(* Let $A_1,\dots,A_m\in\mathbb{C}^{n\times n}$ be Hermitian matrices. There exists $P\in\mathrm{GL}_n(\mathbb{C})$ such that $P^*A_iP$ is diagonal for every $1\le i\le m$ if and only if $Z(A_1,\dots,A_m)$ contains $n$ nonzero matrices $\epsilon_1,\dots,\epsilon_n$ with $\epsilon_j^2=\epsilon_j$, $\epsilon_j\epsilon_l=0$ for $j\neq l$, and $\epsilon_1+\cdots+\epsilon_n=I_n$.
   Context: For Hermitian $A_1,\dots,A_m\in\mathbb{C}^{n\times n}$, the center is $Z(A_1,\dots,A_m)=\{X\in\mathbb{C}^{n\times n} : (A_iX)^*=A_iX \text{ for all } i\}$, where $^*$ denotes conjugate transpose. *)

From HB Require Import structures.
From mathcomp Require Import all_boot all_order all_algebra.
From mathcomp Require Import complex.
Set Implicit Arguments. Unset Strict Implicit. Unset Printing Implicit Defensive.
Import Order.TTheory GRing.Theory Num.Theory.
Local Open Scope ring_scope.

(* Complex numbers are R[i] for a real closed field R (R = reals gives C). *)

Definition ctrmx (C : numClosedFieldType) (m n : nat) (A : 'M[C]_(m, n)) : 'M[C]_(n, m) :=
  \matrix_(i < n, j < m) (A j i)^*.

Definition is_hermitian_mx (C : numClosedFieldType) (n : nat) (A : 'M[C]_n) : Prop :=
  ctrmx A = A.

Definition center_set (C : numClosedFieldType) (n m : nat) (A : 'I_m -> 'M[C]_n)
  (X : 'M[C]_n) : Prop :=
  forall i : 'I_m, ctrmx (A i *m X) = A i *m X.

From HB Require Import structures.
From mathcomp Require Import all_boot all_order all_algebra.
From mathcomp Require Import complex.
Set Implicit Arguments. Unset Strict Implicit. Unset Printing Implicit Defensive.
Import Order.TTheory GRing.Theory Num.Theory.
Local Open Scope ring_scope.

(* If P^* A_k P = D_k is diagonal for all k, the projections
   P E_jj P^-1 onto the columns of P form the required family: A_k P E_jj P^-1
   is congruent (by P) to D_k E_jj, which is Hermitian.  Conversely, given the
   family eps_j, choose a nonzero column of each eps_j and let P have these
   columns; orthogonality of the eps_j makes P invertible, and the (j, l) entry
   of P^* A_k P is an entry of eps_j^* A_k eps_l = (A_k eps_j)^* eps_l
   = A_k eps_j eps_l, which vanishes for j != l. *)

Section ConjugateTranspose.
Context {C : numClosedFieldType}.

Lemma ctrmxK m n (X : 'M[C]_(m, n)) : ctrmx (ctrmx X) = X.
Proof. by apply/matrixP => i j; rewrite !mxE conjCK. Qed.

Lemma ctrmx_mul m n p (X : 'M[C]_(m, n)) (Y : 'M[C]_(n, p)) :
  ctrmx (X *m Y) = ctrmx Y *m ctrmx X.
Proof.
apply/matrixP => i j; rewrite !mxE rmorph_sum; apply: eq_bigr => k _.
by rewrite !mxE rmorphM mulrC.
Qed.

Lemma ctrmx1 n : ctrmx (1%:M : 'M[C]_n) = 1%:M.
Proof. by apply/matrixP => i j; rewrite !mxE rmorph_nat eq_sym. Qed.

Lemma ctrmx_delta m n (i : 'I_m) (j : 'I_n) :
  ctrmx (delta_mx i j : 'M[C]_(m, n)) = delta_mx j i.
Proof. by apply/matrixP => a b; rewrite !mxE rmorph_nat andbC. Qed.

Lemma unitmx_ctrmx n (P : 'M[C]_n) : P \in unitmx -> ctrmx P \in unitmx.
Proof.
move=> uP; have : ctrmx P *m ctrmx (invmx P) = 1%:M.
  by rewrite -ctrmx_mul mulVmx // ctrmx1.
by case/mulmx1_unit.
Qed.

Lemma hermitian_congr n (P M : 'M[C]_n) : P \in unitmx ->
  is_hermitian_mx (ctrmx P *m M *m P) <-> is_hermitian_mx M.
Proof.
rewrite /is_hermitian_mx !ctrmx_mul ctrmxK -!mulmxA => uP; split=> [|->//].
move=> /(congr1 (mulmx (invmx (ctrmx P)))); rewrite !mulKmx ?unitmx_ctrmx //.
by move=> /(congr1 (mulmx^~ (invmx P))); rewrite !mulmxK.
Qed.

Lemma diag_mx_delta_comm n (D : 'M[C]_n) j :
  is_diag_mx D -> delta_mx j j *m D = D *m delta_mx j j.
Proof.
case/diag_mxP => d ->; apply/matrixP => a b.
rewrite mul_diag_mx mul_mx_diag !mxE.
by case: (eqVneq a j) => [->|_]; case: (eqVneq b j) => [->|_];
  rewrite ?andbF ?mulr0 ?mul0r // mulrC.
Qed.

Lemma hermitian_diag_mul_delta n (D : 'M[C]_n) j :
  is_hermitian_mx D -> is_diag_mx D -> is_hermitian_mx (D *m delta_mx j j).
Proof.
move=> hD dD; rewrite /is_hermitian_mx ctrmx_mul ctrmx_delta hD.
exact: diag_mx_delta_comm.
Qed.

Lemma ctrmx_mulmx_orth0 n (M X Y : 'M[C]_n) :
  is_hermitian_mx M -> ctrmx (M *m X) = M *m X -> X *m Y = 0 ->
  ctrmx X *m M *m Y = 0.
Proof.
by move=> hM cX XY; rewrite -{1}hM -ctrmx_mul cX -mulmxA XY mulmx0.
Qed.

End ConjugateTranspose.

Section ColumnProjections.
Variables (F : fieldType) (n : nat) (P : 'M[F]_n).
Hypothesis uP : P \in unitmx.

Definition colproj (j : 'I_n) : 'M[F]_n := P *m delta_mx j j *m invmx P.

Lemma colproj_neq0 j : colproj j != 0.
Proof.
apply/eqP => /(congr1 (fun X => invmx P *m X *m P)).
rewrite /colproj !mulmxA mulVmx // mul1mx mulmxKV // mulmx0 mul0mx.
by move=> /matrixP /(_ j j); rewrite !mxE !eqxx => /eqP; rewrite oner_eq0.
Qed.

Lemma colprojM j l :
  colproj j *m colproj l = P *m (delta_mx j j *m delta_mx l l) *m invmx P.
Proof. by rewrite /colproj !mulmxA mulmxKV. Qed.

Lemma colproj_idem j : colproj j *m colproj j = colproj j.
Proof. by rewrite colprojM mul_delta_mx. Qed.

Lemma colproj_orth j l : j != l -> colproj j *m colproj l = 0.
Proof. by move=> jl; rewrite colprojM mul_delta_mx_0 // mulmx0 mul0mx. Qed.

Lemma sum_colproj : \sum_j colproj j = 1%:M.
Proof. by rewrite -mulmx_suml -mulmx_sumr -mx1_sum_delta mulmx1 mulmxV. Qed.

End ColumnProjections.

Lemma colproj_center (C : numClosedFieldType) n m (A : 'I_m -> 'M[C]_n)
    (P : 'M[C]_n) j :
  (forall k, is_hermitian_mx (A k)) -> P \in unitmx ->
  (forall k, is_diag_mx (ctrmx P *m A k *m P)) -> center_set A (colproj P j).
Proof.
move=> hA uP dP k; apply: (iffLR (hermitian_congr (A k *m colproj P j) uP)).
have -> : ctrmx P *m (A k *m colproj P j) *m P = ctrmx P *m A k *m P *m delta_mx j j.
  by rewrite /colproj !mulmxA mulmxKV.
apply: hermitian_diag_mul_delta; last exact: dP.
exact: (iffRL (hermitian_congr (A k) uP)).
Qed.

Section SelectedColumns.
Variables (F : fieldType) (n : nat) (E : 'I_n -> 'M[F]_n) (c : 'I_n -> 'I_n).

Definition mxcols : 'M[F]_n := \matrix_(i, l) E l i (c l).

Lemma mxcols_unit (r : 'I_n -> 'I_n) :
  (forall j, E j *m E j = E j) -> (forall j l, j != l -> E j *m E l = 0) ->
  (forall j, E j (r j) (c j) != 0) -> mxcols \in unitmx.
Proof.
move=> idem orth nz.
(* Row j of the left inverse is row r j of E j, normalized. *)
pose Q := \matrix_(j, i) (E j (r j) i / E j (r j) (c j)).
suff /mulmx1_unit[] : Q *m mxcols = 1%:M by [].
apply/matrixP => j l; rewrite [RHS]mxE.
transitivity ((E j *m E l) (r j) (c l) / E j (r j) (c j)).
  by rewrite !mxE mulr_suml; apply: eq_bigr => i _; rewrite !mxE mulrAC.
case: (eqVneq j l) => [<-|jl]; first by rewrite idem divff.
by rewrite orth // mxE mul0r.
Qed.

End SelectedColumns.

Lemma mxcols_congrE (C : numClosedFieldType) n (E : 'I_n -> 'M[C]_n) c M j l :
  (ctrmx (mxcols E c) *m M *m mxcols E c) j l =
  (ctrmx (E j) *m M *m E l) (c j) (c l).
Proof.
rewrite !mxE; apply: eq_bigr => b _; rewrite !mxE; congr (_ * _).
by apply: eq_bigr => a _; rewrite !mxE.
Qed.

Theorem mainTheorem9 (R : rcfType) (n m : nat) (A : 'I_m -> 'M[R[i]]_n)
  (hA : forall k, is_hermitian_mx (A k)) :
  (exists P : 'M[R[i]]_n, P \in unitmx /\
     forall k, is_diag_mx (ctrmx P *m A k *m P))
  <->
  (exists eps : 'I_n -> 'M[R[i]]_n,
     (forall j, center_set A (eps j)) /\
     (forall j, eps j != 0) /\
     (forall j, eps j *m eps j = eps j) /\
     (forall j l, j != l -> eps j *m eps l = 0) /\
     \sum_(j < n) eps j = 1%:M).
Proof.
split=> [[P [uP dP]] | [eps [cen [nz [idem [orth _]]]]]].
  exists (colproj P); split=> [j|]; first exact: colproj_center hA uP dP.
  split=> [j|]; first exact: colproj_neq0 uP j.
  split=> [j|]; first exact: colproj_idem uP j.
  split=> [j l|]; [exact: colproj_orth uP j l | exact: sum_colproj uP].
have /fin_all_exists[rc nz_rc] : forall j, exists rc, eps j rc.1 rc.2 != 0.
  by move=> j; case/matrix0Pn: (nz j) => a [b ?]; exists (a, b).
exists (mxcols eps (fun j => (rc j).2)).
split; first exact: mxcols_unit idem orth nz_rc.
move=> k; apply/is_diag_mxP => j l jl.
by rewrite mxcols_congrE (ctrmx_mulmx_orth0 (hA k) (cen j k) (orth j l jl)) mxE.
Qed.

## Problem requirements
In the listing above, transcribe exactly everything from the line containing "exact: diag_mx_delta_comm." down to the line containing "rewrite /colproj !mulmxA mulVmx", including both and nothing more.

## Response box
exact: diag_mx_delta_comm.
Qed.

Lemma ctrmx_mulmx_orth0 n (M X Y : 'M[C]_n) :
  is_hermitian_mx M -> ctrmx (M *m X) = M *m X -> X *m Y = 0 ->
  ctrmx X *m M *m Y = 0.
Proof.
by move=> hM cX XY; rewrite -{1}hM -ctrmx_mul cX -mulmxA XY mulmx0.
Qed.

End ConjugateTranspose.

Section ColumnProjections.
Variables (F : fieldType) (n : nat) (P : 'M[F]_n).
Hypothesis uP : P \in unitmx.

Definition colproj (j : 'I_n) : 'M[F]_n := P *m delta_mx j j *m invmx P.

Lemma colproj_neq0 j : colproj j != 0.
Proof.
apply/eqP => /(congr1 (fun X => invmx P *m X *m P)).
rewrite /colproj !mulmxA mulVmx // mul1mx mulmxKV // mulmx0 mul0mx.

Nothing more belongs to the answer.